Bettermode incident

We have identified an issue around our community service

Critical Resolved View vendor source →

Bettermode experienced a critical incident on November 15, 2020, lasting 31m. The incident has been resolved; the full update timeline is below.

Started
Nov 15, 2020, 08:55 PM UTC
Resolved
Nov 15, 2020, 09:27 PM UTC
Duration
31m
Detected by Pingoru
Nov 15, 2020, 08:55 PM UTC

Update timeline

  1. investigating Nov 15, 2020, 09:06 PM UTC

    The community service is experiencing technical difficulties. Our tech team is notified.

  2. resolved Nov 15, 2020, 09:27 PM UTC

    We've resolved the issue regarding community service. Everything is back up.

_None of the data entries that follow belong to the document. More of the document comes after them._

Lemma inf_sup_trans : transitive inf_sup_rel.
Proof.
move=> b a c; rewrite /inf_sup_rel.
case/orP=> [/eqP ->//|/andP[/andP[/eqP fab Ha] Hb] ].
case/orP=> [/eqP <-|/andP[/andP[/eqP fbc Hb'] Hc] ].
  by apply/orP; right; rewrite fab eqxx Ha Hb.
by apply/orP; right; rewrite fab fbc eqxx Ha Hc.
Qed.

Definition inf_sup_equiv : equiv_rel cmX :=
  EquivRel inf_sup_rel inf_sup_refl inf_sup_sym inf_sup_trans.

Definition cX := quotient_topology {eq_quot inf_sup_equiv}.

Lemma image_cm (g : X -> X) (A : set X) :
  order_aut g -> cm_set A -> cm_set (g @` A).
Proof.
move=> [[h gh hg] mg].
have ltg : {mono g : x y / (x < y)%O} by move=> x y; rewrite !ltNge mg.
have inj : injective g := can_inj gh.
case=> [[x ->]|[dA nmA nmB]]; [left; exists (g x)|right; split].
- apply/seteqP; split => [t [y yx yt]|z zx] /=; first by subst t; rewrite mg.
  by exists (h z) => //=; rewrite -mg hg.
- move=> t z zx [y Ay yt]; subst t; exists (h z); last by rewrite hg.
  by apply: (dA y); rewrite // -mg hg.
- move=> t [x Ax xt]; subst t; have [y Ay xy] := nmA x Ax.
  by exists (g y); [exists y|rewrite ltg].
- move=> z nz; have nhz : ~ A (h z) by move=> Ahz; apply: nz; exists (h z).
  have [y nAy yz] := nmB _ nhz; exists (g y).
    by move=> [w Aw /inj wy]; apply: nAy; rewrite -wy.
  by rewrite -(hg z) ltg.
Qed.

Definition act_m (g : AutG X) (a : cmX) : cmX :=
  exist _ (sval g @` sval a)
    (mem_set (image_cm _ _ (set_mem (svalP g)) (set_mem (svalP a)))).

Definition act_c (g : AutG X) (q : cX) : cX :=
  \pi_cX (act_m g (repr q)).

End Cm.

Definition ellis {G K : topologicalType} (act : G -> K -> K)
  : set {ptws K -> K} :=
  closure (range (fun g : G => (act g : {ptws K -> K}))).

(** A compactification bG of G, given as a subspace B of an ambient
    topological space T, together with a map nu : G -> B:
    B is compact Hausdorff, nu is continuous with dense image. *)
Definition compactification_in {G T : topologicalType} (B : set T)
    (nu : G -> T) : Prop :=
  [/\ compact B,
      (forall p q, B p -> B q -> p <> q ->
         exists U V : set T, [/\ open U, open V, U p, V q &
                                 U `&` V `&` B = set0]),
      (forall g, B (nu g)),
      continuous nu &
      B `<=` closure (range nu)].

Definition sm_compactification (G : topologicalType)
    (gmul : G -> G -> G) (gone : G)
    (T : topologicalType) (B : set T) (nu : G -> T)
    (act : G -> T -> T) (mul : T -> T -> T) : Prop :=
  [/\ compactification_in B nu,
      [/\ (forall g b, B b -> B (act g b)),
          {within [set: G] `*` B, continuous (fun x : G * T => act x.1 x.2)},
          (forall b, B b -> act gone b = b),
          (forall g h b, B b -> act (gmul g h) b = act g (act h b)) &
          (forall g h, act g (nu h) = nu (gmul g h))],
      [/\ (forall a b, B a -> B b -> B (mul a b)),
          (exists2 u, B u & forall a, B a -> mul u a = a /\ mul a u = a),
          (forall a b c, B a -> B b -> B c -> mul a (mul b c) = mul (mul a b) c) &
          (forall a, B a -> {within B, continuous (mul a)} /\
                            {within B, continuous (fun b => mul b a)})] &
      (forall g b, B b -> mul (nu g) b = act g b)].
(* Let $m\in\mathbb Z\setminus\{0\}$, $\xi\in\mathbb Z_m$ and $\Gamma=\widetilde{BS}(m,\xi)$. Then for every automorphism $\varphi$ of $\Gamma$, the group $\Gamma$ has infinitely many $\varphi$-twisted conjugacy classes.
   Context: $\mathbb Z_m$ is the ring of $m$-adic integers. The functions $r_i$: $r_0(\xi)=0$, $s_0(\xi)=1$, and for $i\ge1$, $r_i(\xi)\in\{0,\dots,|m|-1\}$, $s_i(\xi)\in\mathbb Z_m$ unique with $\xi s_{i-1}(\xi)=ms_i(\xi)+r_i(\xi)$. Let $E$ be the free abelian group with basis $e_0,e_1,\dots$, $E_{m,\xi}\le E$ with basis $me_0,\ e_i-r_i(\xi)e_0$ ($i\ge1$), $E_1\le E$ with basis $e_1,e_2,\dots$, and $\phi:E_{m,\xi}\to E_1$ the isomorphism $\phi(me_0)=e_1$, $\phi(e_i-r_i(\xi)e_0)=e_{i+1}$. $\widetilde{BS}(m,\xi)=\langle E,a\mid axa^{-1}=\phi(x)\ \forall x\in E_{m,\xi}\rangle$. Two elements $\gamma,\gamma'$ of a group $G$ are $\varphi$-twisted conjugate ($\varphi\in\mathrm{Aut}(G)$) if $\gamma'=g\gamma\varphi(g)^{-1}$ for some $g\in G$; the classes of this equivalence relation are the $\varphi$-twisted conjugacy classes. *)

From Stdlib Require Import ZArith List.
Import ListNotations.
Open Scope Z_scope.

(* ---------- m-adic integers ----------
   Z_m = inverse limit of Z / |m|^k Z.  An element is a compatible sequence
   of normalized residues x k in [0, |m|^k). *)
Record Zadic (m : Z) := {
  zres : nat -> Z;
  zres_range : forall k : nat, 0 <= zres k < Z.abs m ^ Z.of_nat k;
  zres_compat : forall k : nat, zres (S k) mod (Z.abs m ^ Z.of_nat k) = zres k
}.
Arguments zres {m} _ _.

Definition modk (m : Z) (k : nat) (z : Z) : Z := z mod (Z.abs m ^ Z.of_nat k).
Definition one_raw (m : Z) : nat -> Z := fun k => modk m k 1.
Definition mul_raw (m : Z) (x y : nat -> Z) : nat -> Z :=
  fun k => modk m k (x k * y k).
(* the digit r in {0,..,|m|-1} with y = m s + r : the residue of y mod |m| *)
Definition digit_raw (m : Z) (y : nat -> Z) : Z := y 1%nat mod Z.abs m.
(* the unique s with y = m s + r (exact division, y - r divisible by m) *)
Definition divm_raw (m : Z) (y : nat -> Z) (r : Z) : nat -> Z :=
  fun k => modk m k ((y (S k) - r) / m).

(* (r_i(xi), s_i(xi)) : s_0 = 1, and xi * s_{i-1} = m s_i + r_i. *)
Fixpoint rs (m : Z) (xi : nat -> Z) (i : nat) : Z * (nat -> Z) :=
  match i with
  | O => (0, one_raw m)
  | S j => let y := mul_raw m xi (snd (rs m xi j)) in
           let r := digit_raw m y in (r, divm_raw m y r)
  end.

Definition rfun (m : Z) (xi : Zadic m) (i : nat) : Z := fst (rs m (zres xi) i).

Inductive gen : Type := Egen (i : nat) | Agen.
(* a letter is a generator with an exponent sign: false = g, true = g^-1 *)
Definition letter : Type := (gen * bool)%type.
Definition word : Type := list letter.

  3. postmortem Nov 17, 2020, 04:54 PM UTC

    On November 17th from 15:55 ET to 16:27 ET we experienced 15 minutes of downtime and 17 minutes of extreme slowness \(7-10 seconds P95 response time\). The issue was a hardware issue in one of our load balancers provided by our infrastructure provider. All our load balancers have a fail-safe mechanism that fallback faulty load balancers to the backup one. After the incident was fixed, over the past day we’ve worked closely with our infrastructure provider engineers to figure out the reason the load balancer did not fallback to the backup LB. We can confirm that our infrastructure provider found out the issue and have patched their infrastructure and added tests to prevent similar issue from happening.